PROBLEM REQUIREMENTS: Output all the data below verbatim.

PROVIDED RECORDS:
(* A finite multigraph: finite vertex type V, finite edge type E, and each
   edge e has (unordered) endpoints u e and v e. *)
Section Graph.
Variables (V E : finType) (u v : E -> V).

Definition tailO (O : E -> bool) (e : E) : V := if O e then u e else v e.
Definition headO (O : E -> bool) (e : E) : V := if O e then v e else u e.

Definition joins (e : E) (x y : V) : bool :=
  ((u e == x) && (v e == y)) || ((u e == y) && (v e == x)).

Definition adj (S : {set E}) : rel V := fun x y => [exists e in S, joins e x y].
Definition conn (S : {set E}) (x y : V) : bool := connect (adj S) x y.

Definition forest (S : {set E}) : Prop :=
  forall e, e \in S -> ~~ conn (S :\ e) (u e) (v e).

Definition max_spanning_forest (F : {set E}) : Prop :=
  forest F /\ forall e, e \notin F -> ~ forest (e |: F).

(* Fundamental cut vector x_i for e_i in F, w.r.t. orientation O:
   K1 = component of F\e_i containing the tail of e_i, K2 = the one
   containing its head; coefficient <x_i, e_j>. *)
Definition cut_coef (F : {set E}) (O : E -> bool) (i j : E) : int :=
  let S := F :\ i in
  let K1 := conn S (tailO O i) in
  let K2 := conn S (headO O i) in
  if K1 (tailO O j) && K2 (headO O j) then 1%R
  else if K2 (tailO O j) && K1 (headO O j) then (-1)%R
  else 0%R.

(* p = [:: p_0; ...; p_(n-1)] with vertex sequence vs = [:: x_0; ...; x_n]
   is a path in F from a to b: edges in F, vertices distinct, p_k joins
   x_k and x_(k+1). *)
Definition steps (p : seq E) (vs : seq V) : seq (E * (V * V)) :=
  zip p (zip vs (behead vs)).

ANSWER SPACE:
(* A finite multigraph: finite vertex type V, finite edge type E, and each
   edge e has (unordered) endpoints u e and v e. *)
Section Graph.
Variables (V E : finType) (u v : E -> V).

Definition tailO (O : E -> bool) (e : E) : V := if O e then u e else v e.
Definition headO (O : E -> bool) (e : E) : V := if O e then v e else u e.

Definition joins (e : E) (x y : V) : bool :=
  ((u e == x) && (v e == y)) || ((u e == y) && (v e == x)).

Definition adj (S : {set E}) : rel V := fun x y => [exists e in S, joins e x y].
Definition conn (S : {set E}) (x y : V) : bool := connect (adj S) x y.

Definition forest (S : {set E}) : Prop :=
  forall e, e \in S -> ~~ conn (S :\ e) (u e) (v e).

Definition max_spanning_forest (F : {set E}) : Prop :=
  forest F /\ forall e, e \notin F -> ~ forest (e |: F).

(* Fundamental cut vector x_i for e_i in F, w.r.t. orientation O:
   K1 = component of F\e_i containing the tail of e_i, K2 = the one
   containing its head; coefficient <x_i, e_j>. *)
Definition cut_coef (F : {set E}) (O : E -> bool) (i j : E) : int :=
  let S := F :\ i in
  let K1 := conn S (tailO O i) in
  let K2 := conn S (headO O i) in
  if K1 (tailO O j) && K2 (headO O j) then 1%R
  else if K2 (tailO O j) && K1 (headO O j) then (-1)%R
  else 0%R.

(* p = [:: p_0; ...; p_(n-1)] with vertex sequence vs = [:: x_0; ...; x_n]
   is a path in F from a to b: edges in F, vertices distinct, p_k joins
   x_k and x_(k+1). *)
Definition steps (p : seq E) (vs : seq V) : seq (E * (V * V)) :=
  zip p (zip vs (behead vs)).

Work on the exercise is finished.